## [Stored items]
(* Let $N\ge 1$ and $-\infty<a_i\le b_i<\infty$ with $r_i=(b_i-a_i)/2>0$ for all $i$; set $m_i=(a_i+b_i)/2$, $\Theta=\prod_{i=1}^N[a_i,b_i]$, $T(y)=\sum_{i=1}^N y_i$. Fix a sampling design $p$ with inclusion probabilities $\pi_i=\mathbb P_p(i\in S)>0$ for all $i$, and let $\pi_{ij}=\mathbb P_p(i\in S,\ j\in S)$, $\Delta_{ij}=\pi_{ij}-\pi_i\pi_j$, and $D_\pi=\sum_{i=1}^N r_i^2\frac{1-\pi_i}{\pi_i}$. Let $\widehat T$ be the estimator $\widehat T(y_S)=\sum_{i=1}^N m_i+\sum_{i\in S}\frac{y_i-m_i}{\pi_i}$. The following are equivalent: (i) there exists an unbiased estimator $\delta$ with $\sup_{y\in\Theta}R(\delta,p;y)=D_\pi$; (ii) $\sup_{y\in\Theta}R(\widehat T,p;y)=D_\pi$; (iii) $\Delta_{ij}=0$ for every $i\ne j$.
   Context: A sampling design is a probability distribution $p$ on the subsets $s\subseteq\{1,\dots,N\}$; $S$ denotes the random sample drawn from $p$, $\mathbb P_p$ and $\mathbb E_p$ denote probability and expectation with respect to $p$. An estimator $\delta$ is a collection of measurable functions $\delta_s:\Theta_s\to\mathbb R$, one for each subset $s$, where $\Theta_s=\prod_{i\in s}[a_i,b_i]$; for $y\in\Theta$ write $y_s=(y_i)_{i\in s}$. The estimator is unbiased if $\mathbb E_p[\delta_S(y_S)]=T(y)$ for all $y\in\Theta$. The risk is $R(\delta,p;y)=\mathbb E_p[(\delta_S(y_S)-T(y))^2]$. *)

From HB Require Import structures.
From mathcomp Require Import all_boot all_order all_algebra.
From mathcomp Require Import all_classical all_reals all_analysis.
Set Implicit Arguments. Unset Strict Implicit. Unset Printing Implicit Defensive.
Import Order.TTheory GRing.Theory Num.Theory.
Local Open Scope ring_scope.

(* Population units are indexed by 'I_N (i.e. {0,..,N-1} instead of {1,..,N}).
   A sample is a subset s : {set 'I_N}; a sampling design is a probability
   (mass function) on {set 'I_N}. *)
Definition is_design (R : realType) (N : nat) (p : {ffun {set 'I_N} -> R}) : Prop :=
  (forall s, 0 <= p s) /\ \sum_(s : {set 'I_N}) p s = 1.

Definition incl1 (R : realType) (N : nat) (p : {ffun {set 'I_N} -> R}) (i : 'I_N) : R :=
  \sum_(s : {set 'I_N} | i \in s) p s.
Definition incl2 (R : realType) (N : nat) (p : {ffun {set 'I_N} -> R}) (i j : 'I_N) : R :=
  \sum_(s : {set 'I_N} | (i \in s) && (j \in s)) p s.

Definition Theta (R : realType) (N : nat) (a b : 'I_N -> R) : set ('I_N -> R) :=
  [set y | forall i, a i <= y i <= b i].
Definition Theta_tuple (R : realType) (N : nat) (a b : 'I_N -> R) : set (N.-tuple R) :=
  [set t | forall i, a i <= tnth t i <= b i].

Definition total (R : realType) (N : nat) (y : 'I_N -> R) : R := \sum_i y i.

(* An estimator: for each sample s a function delta s of y, which only depends
   on y_s = (y_i)_{i in s}, and which is measurable on Theta (for the product
   Borel sigma-algebra on R^N, realised on N.-tuples). *)
Definition is_estimator (R : realType) (N : nat) (a b : 'I_N -> R)
    (delta : {set 'I_N} -> ('I_N -> R) -> R) : Prop :=
  (forall (s : {set 'I_N}) (y y' : 'I_N -> R), (forall i, i \in s -> y i = y' i) ->
      delta s y = delta s y') /\
  (forall s : {set 'I_N}, measurable_fun (Theta_tuple a b) (fun t : N.-tuple R => delta s (tnth t))).

Definition expect (R : realType) (N : nat) (p : {ffun {set 'I_N} -> R})
    (delta : {set 'I_N} -> ('I_N -> R) -> R) (y : 'I_N -> R) : R :=
  \sum_(s : {set 'I_N}) p s * delta s y.

Definition unbiased (R : realType) (N : nat) (a b : 'I_N -> R) (p : {ffun {set 'I_N} -> R})
    (delta : {set 'I_N} -> ('I_N -> R) -> R) : Prop :=
  forall y, Theta a b y -> expect p delta y = total y.

Definition risk (R : realType) (N : nat) (p : {ffun {set 'I_N} -> R})
    (delta : {set 'I_N} -> ('I_N -> R) -> R) (y : 'I_N -> R) : R :=
  \sum_(s : {set 'I_N}) p s * (delta s y - total y) ^+ 2.

Definition sup_risk (R : realType) (N : nat) (a b : 'I_N -> R) (p : {ffun {set 'I_N} -> R})
    (delta : {set 'I_N} -> ('I_N -> R) -> R) : \bar R :=
  ereal_sup [set (risk p delta y)%:E | y in Theta a b].

Definition midpoint (R : realType) (N : nat) (a b : 'I_N -> R) (i : 'I_N) : R := (a i + b i) / 2.
Definition half_width (R : realType) (N : nat) (a b : 'I_N -> R) (i : 'I_N) : R := (b i - a i) / 2.

Definition D_pi (R : realType) (N : nat) (a b : 'I_N -> R) (p : {ffun {set 'I_N} -> R}) : R :=
  \sum_i (half_width a b i) ^+ 2 * (1 - incl1 p i) / incl1 p i.

Definition That (R : realType) (N : nat) (a b : 'I_N -> R) (p : {ffun {set 'I_N} -> R})
    (s : {set 'I_N}) (y : 'I_N -> R) : R :=
  \sum_i midpoint a b i + \sum_(i in s) (y i - midpoint a b i) / incl1 p i.

(* Write e_s(y) = T^_s(y) - T(y) = sum_k (y_k - m_k) (1{k in s}/pi_k - 1).  The risk of T^ is
   the quadratic form sum_kl (y_k - m_k)(y_l - m_l) Delta_kl/(pi_k pi_l), so when the
   Delta_ij (i <> j) vanish it is maximal, equal to D_pi, at y = b: (iii) => (ii).
   For (i) => (iii), average over the 2^N vertices y_A = m + r.sigma_A of Theta, where
   sigma_A is +1 on A and -1 off A.  For an unbiased delta, d = delta - T^ has E_p[d] = 0 at
   each vertex; since d_s only sees the coordinates in s, the vertex average of sigma_k d_s
   vanishes for k outside s, while for k in s the weight of y_k in e_s is 1/pi_k - 1
   whatever s is.  So d is orthogonal to e in the vertex average, and the average risk of
   delta is D_pi plus the average of E_p[d^2].  As sup R(delta) = D_pi,
   d = 0 p-a.s. at every vertex and R(T^, y_A) = D_pi for all A; weighting by
   sigma_A(i) sigma_A(j) then yields 2 r_i r_j Delta_ij/(pi_i pi_j) = 0. *)

From Pilot Require Import Defs.
From HB Require Import structures.
From mathcomp Require Import all_boot all_order all_algebra.
From mathcomp Require Import all_classical all_reals all_analysis.
From mathcomp Require Import ring lra.
Import Order.TTheory GRing.Theory Num.Theory.
Local Open Scope ring_scope.

Lemma eq_const_of_sum_le {R : numDomainType} {I : finType} (f : I -> R) c :
  (forall i, f i <= c) -> \sum_i f i = #|I|%:R * c -> forall i, f i = c.
Proof.
move=> le_fc sum_f i; apply/eqP; rewrite -subr_eq0 -oppr_eq0 opprB; apply/eqP.
apply: (@psumr_eq0P _ _ xpredT (fun i => c - f i)) => // [j _|].
  by rewrite subr_ge0.
by rewrite sumrB sum_f sumr_const mulr_natl subrr.
Qed.

Lemma iff3_of_cycle (P Q S : Prop) :
  (P -> S) -> (S -> Q) -> (Q -> P) -> [/\ P <-> Q, Q <-> S & P <-> S].
Proof. by move=> PS SQ QP; split; split; tauto. Qed.

Section Sampling.
Variables (R : realType) (N : nat).

Section SignVectors.
Implicit Types (A : {set 'I_N}) (i j k l : 'I_N) (v : 'I_N -> R).

Definition sgn A k : R := if k \in A then 1 else -1.

Definition toggle k A : {set 'I_N} := [set l | (l == k) (+) (l \in A)].

Lemma toggleK k : involutive (toggle k).
Proof. by move=> A; apply/setP => l; rewrite !inE addbA addbb. Qed.

Lemma sgn_toggle k A l : sgn (toggle k A) l = if l == k then - sgn A l else sgn A l.
Proof. by rewrite /sgn inE; case: eqP => _; case: (l \in A); rewrite ?opprK. Qed.

Lemma sgnP A k : sgn A k = 1 \/ sgn A k = -1.
Proof. by rewrite /sgn; case: ifP; [left | right]. Qed.

Lemma sgn_sq A k : sgn A k * sgn A k = 1.
Proof. by case: (sgnP A k) => ->; rewrite ?mulrNN mulr1. Qed.

Lemma sum_toggle k (F : {set 'I_N} -> R) : \sum_A F (toggle k A) = \sum_A F A.
Proof. by rewrite [RHS](reindex_inj (can_inj (toggleK k))). Qed.

Lemma sum_sgn_toggle_inv k (F : {set 'I_N} -> R) :
  (forall A, F (toggle k A) = F A) -> \sum_A sgn A k * F A = 0.
Proof.
move=> FtK; have : \sum_A sgn A k * F A = - \sum_A sgn A k * F A.
  rewrite -[LHS](sum_toggle k) -sumrN; apply: eq_bigr => A _.
  by rewrite FtK sgn_toggle eqxx mulNr.
lra.
Qed.

Lemma sum_sgnM k l : \sum_A sgn A k * sgn A l = (k == l)%:R * #|{set 'I_N}|%:R.
Proof.
case: eqVneq => [<- | neq_kl].
  by rewrite mul1r -sumr_const; apply: eq_bigr => A _; rewrite sgn_sq.
by rewrite mul0r; apply: sum_sgn_toggle_inv => A; rewrite sgn_toggle eq_sym (negbTE neq_kl).
Qed.

Definition sgn_comb v A : R := \sum_k v k * sgn A k.

Lemma sgn_comb_toggle v k A :
  sgn_comb v (toggle k A) = sgn_comb v A - 2 * v k * sgn A k.
Proof.
rewrite /sgn_comb (bigD1 k) //= [in RHS](bigD1 k) //= sgn_toggle eqxx.
under eq_bigr => l /negbTE neq_lk do rewrite sgn_toggle neq_lk.
ring.
Qed.

Lemma sum_sgnM_comb v k : \sum_A sgn A k * sgn_comb v A = #|{set 'I_N}|%:R * v k.
Proof.
transitivity (\sum_l v l * \sum_A sgn A k * sgn A l).
  under eq_bigr do rewrite /sgn_comb mulr_sumr.
  rewrite exchange_big; apply: eq_bigr => l _ /=; rewrite mulr_sumr.
  by apply: eq_bigr => A _; rewrite mulrCA.
rewrite (bigD1 k) //= sum_sgnM eqxx mul1r big1 ?addr0; first by rewrite mulrC.
by move=> l neq_lk; rewrite sum_sgnM eq_sym (negbTE neq_lk) mul0r mulr0.
Qed.

Lemma sum_sgn_comb_sq v : \sum_A sgn_comb v A ^+ 2 = #|{set 'I_N}|%:R * \sum_k v k ^+ 2.
Proof.
transitivity (\sum_k \sum_A v k * (sgn A k * sgn_comb v A)).
  rewrite exchange_big; apply: eq_bigr => A _ /=.
  by rewrite expr2 {1}/sgn_comb mulr_suml; apply: eq_bigr => k _; rewrite mulrA.
rewrite mulr_sumr; apply: eq_bigr => k _; rewrite -mulr_sumr sum_sgnM_comb; ring.
Qed.

Lemma sum_sgn_comb_sq_sgnM v i j : i != j ->
  \sum_A sgn_comb v A ^+ 2 * (sgn A i * sgn A j) = #|{set 'I_N}|%:R * (2 * v i * v j).
Proof.
move=> neq_ij; pose G A := sgn_comb v A ^+ 2 * (sgn A i * sgn A j).
rewrite -[LHS]/(\sum_A G A).
(* pairing A with [toggle i A] kills every term of the square except the cross term *)
have pairG A : G A + G (toggle i A) =
    4 * v i * (sgn A j * sgn_comb v A) - 4 * v i ^+ 2 * (sgn A i * sgn A j).
  rewrite /G sgn_comb_toggle !sgn_toggle eqxx eq_sym (negbTE neq_ij).
  by case: (sgnP A i) => ->; ring.
have : 2 * \sum_A G A = \sum_A
    (4 * v i * (sgn A j * sgn_comb v A) - 4 * v i ^+ 2 * (sgn A i * sgn A j)).
  by rewrite -(eq_bigr _ (fun A _ => pairG A)) big_split /= sum_toggle; ring.
rewrite sumrB -!mulr_sumr sum_sgnM_comb sum_sgnM (negbTE neq_ij) mul0r mulr0 subr0 => sumG2.
apply: (@mulfI _ 2); first by rewrite pnatr_eq0.
by rewrite sumG2; ring.
Qed.

End SignVectors.

Section Design.
Variable p : {ffun {set 'I_N} -> R}.
Hypotheses (p_design : is_design p) (incl1_gt0 : forall i, 0 < incl1 p i).
Implicit Types (s : {set 'I_N}) (i j k l : 'I_N).

Definition incl_cov i j : R := incl2 p i j - incl1 p i * incl1 p j.

Definition ht_weight s i : R := (i \in s)%:R / incl1 p i - 1.

Lemma sum_p_indicator i : \sum_s p s * (i \in s)%:R = incl1 p i.
Proof.
by rewrite /incl1 [RHS]big_mkcond; apply: eq_bigr => s _; case: (i \in s); rewrite ?mulr1 ?mulr0.
Qed.

Lemma sum_p_indicatorM k l : \sum_s p s * ((k \in s)%:R * (l \in s)%:R) = incl2 p k l.
Proof.
rewrite /incl2 [RHS]big_mkcond; apply: eq_bigr => s _.
by case: (k \in s); case: (l \in s); rewrite ?mulr1 ?mulr0 ?mul0r.
Qed.

Lemma incl_cov_diag k : incl_cov k k = incl1 p k * (1 - incl1 p k).
Proof.
by rewrite /incl_cov /incl2 (eq_bigl (fun s => k \in s)) => [|s]; rewrite ?andbb // mulrBr mulr1.
Qed.

Lemma incl1_le1 i : incl1 p i <= 1.
Proof.
case: p_design => p_ge0 <-; rewrite /incl1 [leRHS](bigID (fun s => i \in s)) /= lerDl.
exact: sumr_ge0.
Qed.

Lemma expect_ht_weight k : \sum_s p s * ht_weight s k = 0.
Proof.
under eq_bigr do rewrite /ht_weight mulrBr mulr1 mulrA.
by rewrite sumrB -mulr_suml sum_p_indicator mulfV ?gt_eqF // p_design.2 subrr.
Qed.

Lemma expect_ht_weightM k l :
  \sum_s p s * (ht_weight s k * ht_weight s l) = incl_cov k l / (incl1 p k * incl1 p l).
Proof.
have [nz_k nz_l] : incl1 p k != 0 /\ incl1 p l != 0 by rewrite !gt_eqF.
transitivity (\sum_s (p s * ((k \in s)%:R * (l \in s)%:R) / (incl1 p k * incl1 p l)
  - p s * (k \in s)%:R / incl1 p k - p s * (l \in s)%:R / incl1 p l + p s)).
  by apply: eq_bigr => s _; rewrite /ht_weight; field; rewrite nz_k nz_l.
rewrite big_split /= !sumrB -!mulr_suml.
rewrite sum_p_indicatorM !sum_p_indicator p_design.2 /incl_cov; field.
by rewrite nz_k nz_l.
Qed.

Variables (a b : 'I_N -> R).
Implicit Types (y : 'I_N -> R).

Lemma That_sub_total s y :
  That a b p s y - Defs.total y = \sum_i (y i - midpoint a b i) * ht_weight s i.
Proof.
rewrite /That /Defs.total.
have -> : \sum_(i in s) (y i - midpoint a b i) / incl1 p i =
    \sum_i (y i - midpoint a b i) * ((i \in s)%:R / incl1 p i).
  rewrite big_mkcond /=; apply: eq_bigr => i _.
  by case: (i \in s); rewrite ?mul1r ?mul0r ?mulr0.
under [RHS]eq_bigr do rewrite mulrBr mulr1.
rewrite !sumrB; ring.
Qed.

Lemma That_local s y y' :
  (forall i, i \in s -> y i = y' i) -> That a b p s y = That a b p s y'.
Proof. by move=> eq_ys; rewrite /That; congr (_ + _); apply: eq_bigr => i /eq_ys ->. Qed.

Lemma That_is_estimator : is_estimator a b (That a b p).
Proof.
split=> [s y y' |s]; first exact: That_local.
apply: (measurable_funS measurableT (@subsetT _ _)).
apply: measurable_realfun.measurable_funD; first exact: measurable_cst.
under eq_fun do rewrite big_mkcond /=.
apply: measurable_sum => i; case: (i \in s); last exact: measurable_cst.
apply: measurable_realfun.measurable_funM; last exact: measurable_cst.
apply: measurable_realfun.measurable_funB; [exact: measurable_tnth | exact: measurable_cst].
Qed.

Lemma expect_That y : expect p (That a b p) y = Defs.total y.
Proof.
transitivity (\sum_s (p s * Defs.total y +
                      \sum_i (y i - midpoint a b i) * (p s * ht_weight s i))).
  apply: eq_bigr => s _.
  rewrite -[That _ _ _ _ _](subrK (Defs.total y)) That_sub_total mulrDr mulr_sumr addrC.
  by congr (_ + _); apply: eq_bigr => i _; rewrite mulrCA.
rewrite big_split /= -mulr_suml p_design.2 mul1r exchange_big /= big1 ?addr0 // => i _.
by rewrite -mulr_sumr expect_ht_weight mulr0.
Qed.

Lemma risk_That y : risk p (That a b p) y = \sum_k \sum_l
  (y k - midpoint a b k) * (y l - midpoint a b l) * (incl_cov k l / (incl1 p k * incl1 p l)).
Proof.
rewrite /risk; under eq_bigr do rewrite That_sub_total expr2 big_distrlr /= mulr_sumr.
rewrite exchange_big; apply: eq_bigr => k _ /=.
under eq_bigr do rewrite mulr_sumr.
rewrite exchange_big; apply: eq_bigr => l _ /=.
rewrite -expect_ht_weightM mulr_sumr; apply: eq_bigr => s _; ring.
Qed.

## [WORK REQUEST]
Which lines run from the one holding "under eq_bigr =>" through the one holding "by move=> l" in the records above? Repeat them exactly, both included, and nothing more.

## [EXPECTED ANSWER]
under eq_bigr => l /negbTE neq_lk do rewrite sgn_toggle neq_lk.
ring.
Qed.

Lemma sum_sgnM_comb v k : \sum_A sgn A k * sgn_comb v A = #|{set 'I_N}|%:R * v k.
Proof.
transitivity (\sum_l v l * \sum_A sgn A k * sgn A l).
  under eq_bigr do rewrite /sgn_comb mulr_sumr.
  rewrite exchange_big; apply: eq_bigr => l _ /=; rewrite mulr_sumr.
  by apply: eq_bigr => A _; rewrite mulrCA.
rewrite (bigD1 k) //= sum_sgnM eqxx mul1r big1 ?addr0; first by rewrite mulrC.
by move=> l neq_lk; rewrite sum_sgnM eq_sym (negbTE neq_lk) mul0r mulr0.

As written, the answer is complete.